Оглядываясь назад, я вижу, сколь мощно мой детский опыт повлиял на
будущие события, он помог мне приспособиться к новым обстоятельствам,
связанным с религиозным кризисом отца, с утратой многих иллюзий. Этот опыт
помог мне принять мир таким, каков он есть и каким я его знаю сейчас, но не
знал вчера. Хотя каждый из нас живет своей собственной жизнью, но все мы в
первую очередь являемся представителями, жертвами и противниками того
коллективного бессознательного, чьи истоки теряются в глубине веков. Можно
всю жизнь думать, что следуешь собственным желаниям, так никогда и не
осознав, что в большинстве своем люди лишь статисты в этом мире, на этой
сцене. Существуют вещи, которые, хотим мы того или нет, знаем о них или не
знаем, мощно воздействуют на нашу жизнь, - и тем сильнее, чем меньше мы это
осознаем.
Так по крайней мере часть нашего существа живет в некоем безграничном
времени - именно та часть, которую я сам, для себя, обозначил как "номер 2".
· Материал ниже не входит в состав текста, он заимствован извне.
(* For every $\epsilon>0$ there is a constant $C(\epsilon)>0$ such that $R_4(n)\le C(\epsilon)\, n^{1/2+\epsilon}$ for all positive integers $n$.
   Context: For a positive integer $n$, $R_4(n)$ denotes the number of ordered quadruples $(x,y,z,w)$ of positive integers with $n = xyzw + x + y + z + w$. *)

From Stdlib Require Import Reals Arith List.
Import ListNotations.

Definition rng (n : nat) : list nat := seq 1 n.

(* R4 n = #{(x,y,z,w) positive integers | n = xyzw + x + y + z + w}.
   Any such solution has x,y,z,w <= n, so enumerating over [1..n]^4
   counts all of them. *)
Definition R4 (n : nat) : nat :=
  length
    (filter
       (fun q : nat * nat * nat * nat =>
          let '(x, y, z, w) := q in
          Nat.eqb n (x * y * z * w + x + y + z + w))
       (list_prod (list_prod (list_prod (rng n) (rng n)) (rng n)) (rng n))).

(* If [n = xyzw + x + y + z + w] then [(xyz + 1)(xyw + 1) = xy(n - x - y) + 1], so for
   fixed [(x, y)] the solution is determined by the divisor [xyz + 1] of that number.
   As [xy * zw < n], one of [xy], [zw] is at most [s = √n], and the pairs with [xy = k]
   are counted by the divisors of [k]; hence
   [R4 n <= 2 s * max_(k <= s) d(k) * max_(m <= s n + 1) d(m)].
   The divisor bound [d(N)^K <= (K^K)^(2^K) N] (multiplicativity of [d], and
   [(a+1)^K <= p^a] for [p >= 2^K] while [(a+1)^K <= K^K p^a] in general) then gives
   [R4 n ^ (2K) <= A n^(K+4)], i.e. [R4 n = O(n^(1/2 + 2/K))]. *)

From Stdlib Require Import Reals Lra Lia.
From mathcomp Require all_boot zify.
Open Scope R_scope.

Module DivisorCounting.
Import all_boot zify.
Set Implicit Arguments. Unset Strict Implicit.
Local Open Scope nat_scope.

Lemma count_leq_size_inj (T1 T2 : eqType) (P : pred T1) (g : T1 -> T2) s t :
  uniq s -> {in [pred x in s | P x] &, injective g} ->
  {in s, forall x, P x -> g x \in t} ->
  count P s <= size t.
Proof.
move=> s_uniq g_inj g_t; rewrite -size_filter -(size_map g).
apply: uniq_leq_size.
  rewrite map_inj_in_uniq ?filter_uniq // => x y.
  rewrite !mem_filter => /andP[Px xs] /andP[Py ys]; apply: g_inj; by rewrite inE ?Px ?Py ?xs ?ys.
by move=> z /mapP[x]; rewrite mem_filter => /andP[Px xs] ->; exact: g_t.
Qed.

Definition ndivisors n := size (divisors n).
Речь не идет о моем личном случае, это присуще всем, что подтверждается
существованием религии, которая обращена именно к этому внутреннему человеку
и уже две тысячи лет всерьез пытается вывести его на поверхность нашего
сознания, провозгласив своим девизом: Noli foras ire, in interiore homine
habitat veritas! (He стремись вовне, истина внутри нас! - лат.)
С 1892 по 1894 году меня произошло несколько тяжелых объяснений с
отцом. Он в свое время изучал восточные языки в Геттингене и посвятил свою
диссертацию арабской версии Песни Песней. Это "доблестное" время закончилось
вместе с выпускными экзаменами, с тех пор он забросил филологию. Сделавшись
деревенским священником, отец с воодушевлением погружался в студенческие
воспоминания и, раскуривая длинную студенческую трубку, с грустью думал о
том, что его брак складывался совсем не так. как он себе его представлял до
женитьбы. Он делал много добра людям - слишком много - и, как следствие,
сделался раздражительным и желчным. Оба моих родителя прилагали большие
усилия, чтобы жить благочестивой жизнью, а в результате между ними все чаще
возникали тягостные сцены. Все это не способствовало укреплению веры.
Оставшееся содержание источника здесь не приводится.